Weird Vertex Arrays Prob


I have an octree of static vertex data. Before the octree is recursed, all the vertex data is loaded using glVertexPointer().

I decided to see what the difference would be if I just loaded this data once, at the beginning of the program (ie once).

No difference?

Maybe I missed something, but I was wondering if anyone else has come across this?

[This message has been edited by robert (edited 10-17-2002).]

glVertexPointer doesn’t load anything, it just tells OpenGL where you haev stored the vertex data. It is not touched at all until you actually draw the vertex data.

I was under the impression that the data was loaded into Graphics Memory.

I guess that was a silly assumption of mine, considering the name VertexPointer :P.

Do I need to use Compiled vertex arrays, or VAR arrays? (to upload to video ram, that is).

[This message has been edited by robert (edited 10-17-2002).]

Hi

Use VAR to be (almost) sure that you upload geometry to AGP/VRAM memory.

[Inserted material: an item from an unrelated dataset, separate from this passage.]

(* Let $\mu>0$ and let $X$ have the skew-symmetric-Laplace-uniform density $g$ with parameter $\mu$ (defined in the context), with reliability function $R(x)=P(X>x)$. Then the hazard rate $h(x)=g(x)/R(x)$ is $$h(x)=\begin{cases}0 & x<-\mu,\\ \left[-1+\dfrac{1+(2\mu-e^{-\mu})e^{-x}}{x+\mu}\right]^{-1} & -\mu\le x<0,\\ \left[1+\dfrac{1-e^{x-\mu}}{x+\mu}\right]^{-1} & 0\le x<\mu,\\ 1 & x\ge\mu,\end{cases}$$ (where at $x=-\mu$ the bracketed expression is interpreted as $+\infty$, so $h(-\mu)=0$). Moreover, for every $\mu\in\mathbb{R}\setminus\{0\}$ (positive or negative), the hazard rate of $SSLUD(\mu)$ is a nondecreasing function of $x$ on the set $\{x: R(x)>0\}$; that is, $SSLUD(\mu)$ is an increasing failure rate (IFR) distribution.
   Context: For $\mu\in\mathbb{R}\setminus\{0\}$, the skew-symmetric-Laplace-uniform distribution $SSLUD(\mu)$ is the distribution on $\mathbb{R}$ with density $$g(x)=\begin{cases} 0 & \text{if } x/\mu<-1,\\ e^{-|x|}\left(\dfrac{x}{2\mu}+\dfrac12\right) & \text{if } -1\le x/\mu<1,\\ e^{-|x|} & \text{if } x/\mu\ge 1.\end{cases}$$ The hazard rate is $h(x)=g(x)/R(x)$ with $R(x)=1-G(x)$, $G$ the cdf. *)

From Stdlib Require Import Reals Lra.
From Coquelicot Require Import Coquelicot.
Open Scope R_scope.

CVA implementation may act even more unpredictably (i.e. performance like VA).

Regards
Martin

You generally have no control over storage.

vertex_array_range gives you a fair bit of control. vertex_array_object also gives you a bit of control. NV hardware uses VAR; ATI hardware (and some others) use VAO.

Anyway, even if the storage is in AGP memory (or even VRAM, if you’re not fill rate bound), chances are that you’re not actually geometry transfer bound, and thus the entire excercise is quite possibly fruitless.

I was wondering,do the drivers of other agp cards like my old G400 use AGP memory?If not why the hell does it use an agp port(and support agp 4x for that matter)?If yes how hard can it be to implement an extension to give some control over it?

zen,

A card that does not use hardware transform cannot use AGP memory for pre-transformed data (which you hand OpenGL). However, internally, the driver can shuffle post-transformed triangle set-up data to the card using AGP, which will be faster than shuffling it using PCI mode.

Also, texture uploads, or even host-RAM based texturing, run faster over AGP than over plain PCI mode. So AGP made a lot of sense even before HT&L came into the picture.